The point is, after Lowell there was a backlash by many (but not all) of the professionals towards planetary science that lasted for decades. Of course some scientists continued to study the worlds in our Sol system and strides were made (G. Kuiper is one prominent name, and of course Clyde Tombaugh), but the guys with the big observatories tended to focus on the wider Universe. Of course this was not solely because of Lowell, but he did not help as much as you think.

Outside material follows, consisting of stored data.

Lemma sum_deviation_bound (f : nat -> R) (c e A : R) (K0 : nat) : 0 <= e -> 0 <= A ->
  forall n s,
  (forall k, (s <= k < s + n)%nat -> (K0 <= k)%nat -> Rabs (f k - c) <= e) ->
  (forall k, (s <= k < s + n)%nat -> (k < K0)%nat -> Rabs (f k - c) <= A) ->
  Rabs (fold_right Rplus 0 (map f (seq s n)) - INR n * c) <= INR n * e + A * INR (K0 - s).
Proof.
  intros He HA n. induction n as [| n IH]; intros s Hbulk Hbdry.
  - simpl. replace (0 - 0 * c) with 0 by ring. rewrite Rabs_R0.
    pose proof (pos_INR (K0 - s)). nra.
  - simpl map; simpl fold_right. rewrite S_INR.
    specialize (IH (S s) ltac:(intros; apply Hbulk; lia) ltac:(intros; apply Hbdry; lia)).
    replace (f s + fold_right Rplus 0 (map f (seq (S s) n)) - (INR n + 1) * c)
      with ((f s - c) + (fold_right Rplus 0 (map f (seq (S s) n)) - INR n * c)) by ring.
    eapply Rle_trans; [apply Rabs_triang |].
    destruct (Nat.lt_ge_cases s K0) as [Hs | Hs].
    + pose proof (Hbdry s ltac:(lia) Hs).
      replace (K0 - s)%nat with (S (K0 - S s)) by lia. rewrite S_INR. lra.
    + pose proof (Hbulk s ltac:(lia) Hs).
      replace (K0 - s)%nat with 0%nat by lia. replace (K0 - S s)%nat with 0%nat in IH by lia.
      simpl in *. lra.
Qed.

Lemma partition_term K T N k : (1 <= k)%nat -> INR N <> 0 ->
  second_diff K (INR (S k) * T / INR N) (INR k * T / INR N) (INR (pred k) * T / INR N)
  = second_diff K (INR k * (T / INR N) + T / INR N) (INR k * (T / INR N))
                  (INR k * (T / INR N) - T / INR N).
Proof.
  intros Hk HN. destruct k as [| k]; [lia |]. simpl pred. rewrite !S_INR.
  f_equal; field; exact HN.
Qed.

Lemma bulk_term T g kappa e d0 K h b :
  is_covariance T K -> 0 < g < 1 -> 0 < kappa -> 0 <= e <= 1 ->
  c2_window T g kappa phi34 e d0 K ->
  0 < h -> 2 * h <= T -> 2 * h < d0 -> phi34 (2 * h) <= b - h -> b + h <= T ->
  Rabs (second_diff K (b + h) b (b - h) - kappa ^ 2 * (4 - Rpower 2 (2 * g)) * Rpower h (2 * g))
    <= 24 * kappa ^ 2 * e * Rpower h (2 * g).
Proof.
  intros HK Hg Hk He HC2 Hh H2h Hd0 Hphi Hb.
  assert (Hphi1 : phi34 h <= phi34 (2 * h)) by (apply phi34_le; lra).
  assert (Hphi0 : 0 <= phi34 h) by apply pow_le, root4_nonneg.
  assert (S1 := sigma2_increment_approx T g kappa e phi34 h K b h HK Hk ltac:(lra)
                  (HC2 h ltac:(lra) ltac:(lra)) ltac:(lra) ltac:(lra) ltac:(lra)).
  assert (S2 := sigma2_increment_approx T g kappa e phi34 h K (b - h) h HK Hk ltac:(lra)
                  (HC2 h ltac:(lra) ltac:(lra)) ltac:(lra) ltac:(lra) ltac:(lra)).
  assert (S3 := sigma2_increment_approx T g kappa e phi34 (2 * h) K (b - h) (2 * h) HK Hk
                  ltac:(lra) (HC2 (2 * h) ltac:(lra) ltac:(lra)) ltac:(lra) ltac:(lra) ltac:(lra)).
  replace (b - h + h) with b in S2 by ring.
  replace (b - h + 2 * h) with (b + h) in S3 by ring.
  rewrite <- Rpower_mult_distr in S3 by lra.
  rewrite (second_diff_polarization T K HK) by lra.
  pose proof (dilation_constant_bounds g Hg) as Hc.
  set (Y := Rpower 2 (2 * g)) in *. set (X := kappa ^ 2 * Rpower h (2 * g)) in *.
  assert (HX : 0 < X) by (apply Rmult_lt_0_compat; [apply pow_lt | apply Rpower_pos]; lra).
  replace (kappa ^ 2 * (Y * Rpower h (2 * g))) with (Y * X) in S3 by (unfold X; ring).
  replace (kappa ^ 2 * (4 - Y) * Rpower h (2 * g)) with (4 * X - Y * X) by (unfold X; ring).
  replace (24 * kappa ^ 2 * e * Rpower h (2 * g)) with (24 * e * X) by (unfold X; ring).
  apply Rabs_le_inv in S1, S2, S3.
  assert (3 * e * (Y * X) <= 12 * e * X) by nra.
  apply Rabs_le. lra.
Qed.

Lemma boundary_term T g C d1 K h b B :
  is_covariance T K -> 0 < g -> c1_window T g C d1 K ->
  0 <= h <= b -> b + h <= B -> B < d1 -> b + h <= T ->
  0 <= second_diff K (b + h) b (b - h) <= 16 * C ^ 2 * Rpower B (2 * g).
Proof.
  intros HK Hg HC1 Hb HbB HBd HbT.
  pose proof (fun t Ht HtB => sigma2_origin_bound T g C d1 K t B HK Hg HC1 Ht HtB HBd) as Horig.
  split; [apply (second_diff_nonneg T K HK); lra |].
  eapply Rle_trans; [apply (second_diff_le_origin T K HK); lra |].
  pose proof (Horig (b + h) ltac:(lra) ltac:(lra)). pose proof (Horig b ltac:(lra) ltac:(lra)).
  pose proof (Horig (b - h) ltac:(lra) ltac:(lra)). lra.
Qed.


Section OnePartition.

Variables (T g kappa C d1 d0 e : R) (K : R -> R -> R) (N K0 : nat).
Hypotheses (HT : 0 < T) (HK : is_covariance T K) (Hg : 0 < g < 1) (Hk : 0 < kappa)
  (He : 0 <= e <= 1) (HC1 : c1_window T g C d1 K) (HC2 : c2_window T g kappa phi34 e d0 K)
  (HN : (2 <= N)%nat) (HK0 : (1 <= K0)%nat).

Let h := T / INR N.
Let P := Rpower (INR N / T) (2 * g - 1).
Let u := Rpower h (2 * g).
Let c := 4 - Rpower 2 (2 * g).

Hypotheses (Hd0 : 2 * h < d0) (Hphi : phi34 (2 * h) <= (INR K0 - 1) * h)
  (Hd1 : INR K0 * h < d1).

Lemma INR_N_ge2 : 2 <= INR N.
Proof. apply (le_INR 2); exact HN. Qed.

Lemma mesh_pos : 0 < h.
Proof. pose proof INR_N_ge2 as HNR. apply Rdiv_lt_0_compat; lra. Qed.

Lemma mesh_times_N : h * INR N = T.
Proof. pose proof INR_N_ge2 as HNR. unfold h; field; lra. Qed.

Lemma prefactor_mesh : P * u = h.
Proof. apply prefactor_scaling; [exact HT | lia]. Qed.

Lemma limit_term_bounds : 0 <= kappa ^ 2 * c * h <= 4 * kappa ^ 2 * h.
Proof.
  pose proof mesh_pos as Hh. pose proof (dilation_constant_bounds g Hg) as Hc. fold c in Hc.
  assert (Hk2 : 0 < kappa ^ 2) by (apply pow_lt; lra).
  split; [apply Rmult_le_pos; [apply Rmult_le_pos |] | apply Rmult_le_compat_r]; nra.
Qed.

Definition scaled_term (k : nat) : R :=
  P * second_diff K (INR (S k) * T / INR N) (INR k * T / INR N) (INR (pred k) * T / INR N).

Lemma EV2_as_sum : EV2 T g K N = fold_right Rplus 0 (map scaled_term (seq 1 (N - 1))).
Proof. unfold scaled_term; rewrite fold_right_map_scale; reflexivity. Qed.

Lemma scaled_term_mesh k : (1 <= k)%nat ->
  scaled_term k = P * second_diff K (INR k * h + h) (INR k * h) (INR k * h - h).
Proof.
  pose proof INR_N_ge2 as HNR. intros Hk1. unfold scaled_term.
  rewrite partition_term by (lia || lra).
  reflexivity.
Qed.

Lemma scaled_bulk k : (K0 <= k)%nat -> (k + 1 <= N)%nat ->
  Rabs (scaled_term k - kappa ^ 2 * c * h) <= 24 * kappa ^ 2 * e * h.
Proof.
  intros HK0k HkN. pose proof mesh_pos as Hh. pose proof mesh_times_N as HhN.
  assert (HP : 0 < P) by apply Rpower_pos.
  assert (HkR : INR K0 <= INR k) by (apply le_INR; lia).
  assert (HkNR : INR k + 1 <= INR N) by (rewrite <- S_INR; apply le_INR; lia).
  assert (HK0R : 1 <= INR K0) by (apply (le_INR 1); exact HK0).
  rewrite scaled_term_mesh by lia.
  replace (P * _ - kappa ^ 2 * c * h) with (P * (second_diff K (INR k * h + h) (INR k * h)
    (INR k * h - h) - kappa ^ 2 * c * u)) by (rewrite <- prefactor_mesh; ring).
  rewrite Rabs_mult, (Rabs_right P) by lra.
  replace (24 * kappa ^ 2 * e * h) with (P * (24 * kappa ^ 2 * e * u))
    by (rewrite <- prefactor_mesh; ring).
  apply Rmult_le_compat_l; [lra |].
  apply (bulk_term T g kappa e d0 K h); try lra; try assumption; nra.
Qed.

Yes, he helped make Mars exciting in the mind of the public and we got some thrilling science fiction out of it in the form of conquering aliens and exotic princesses, but that is not exactly progress. Besides, the whole canal issue disappeared quickly after the Mariner probes started examining Mars up close and was already fading just before the Space Age anyway.
ljk (said previously):
“I am sensing here that there is more than just a “freedom of speech” support for the cranks: I can almost feel the anti-science/anti-establishment vibe in your comments.”
Bob replied:
Nonsense, I rightly criticize the arrogance of those who slow science down by resistance to new ideas, especially if they don’t like where they originate from. Many scientists have an incredible “not invented here” mentality and I have seen progress delayed for years if not decades because of establishment hostility to new ideas. Yet they virtually all get funded by the taxpayers. As a taxpayer I want greater oversight and accountability as well as mechanisms to reward creativity.
LJK replies:
I will say again: I am certainly not against creative thinking, which is very important for scientific progress and society in general. What I am against are those people who delve into areas that are essentially dead ends but pursuing them with the fervor of a religious fanatic. If an individual wants to run around a field all day with a butterfly net chasing elves and fairies, that is their choice and issue. But when these same kind of folks start insisting that everyone else better do this too or they aren’t real scientists, etc., that is where I draw the line.
Besides, this kind of pseudoscientific “investigation” dominates television and the net anyway, from ghost hunting programs to guys who blow stuff up in the alleged name of science. Real science has enough trouble staying afloat in terms of funding and public support in this entertainment-hungry society.
Bob said:
As a society we need new ways to fund and do science. Right now it is a way too conservative good old boys club hostile to new ideas.
LJK replies:
Okay, how shall we do this? In particular, how do you do real research to find real knowledge outside the parameters of science without ending having exactly the same situations and institutions you are complaining about? I am not asking rhetorically, either.
Bob said:
Do you disagree with my assertion that people like Seth Shostak and Jill Tarter would be truly disappointed if it turned out that UFO’s actually existed?
LJK:
In two words: Hell, yeah! You need to read more interviews with those two and check out what other SETI folk have to say. If an alien spaceship landed in front of them (and so long as it did not behave in a hostile way), their reaction, as would be mine, would be major celebration! In fact ,I recall at least one of them saying it would certainly save them a lot of time searching via radio telescope.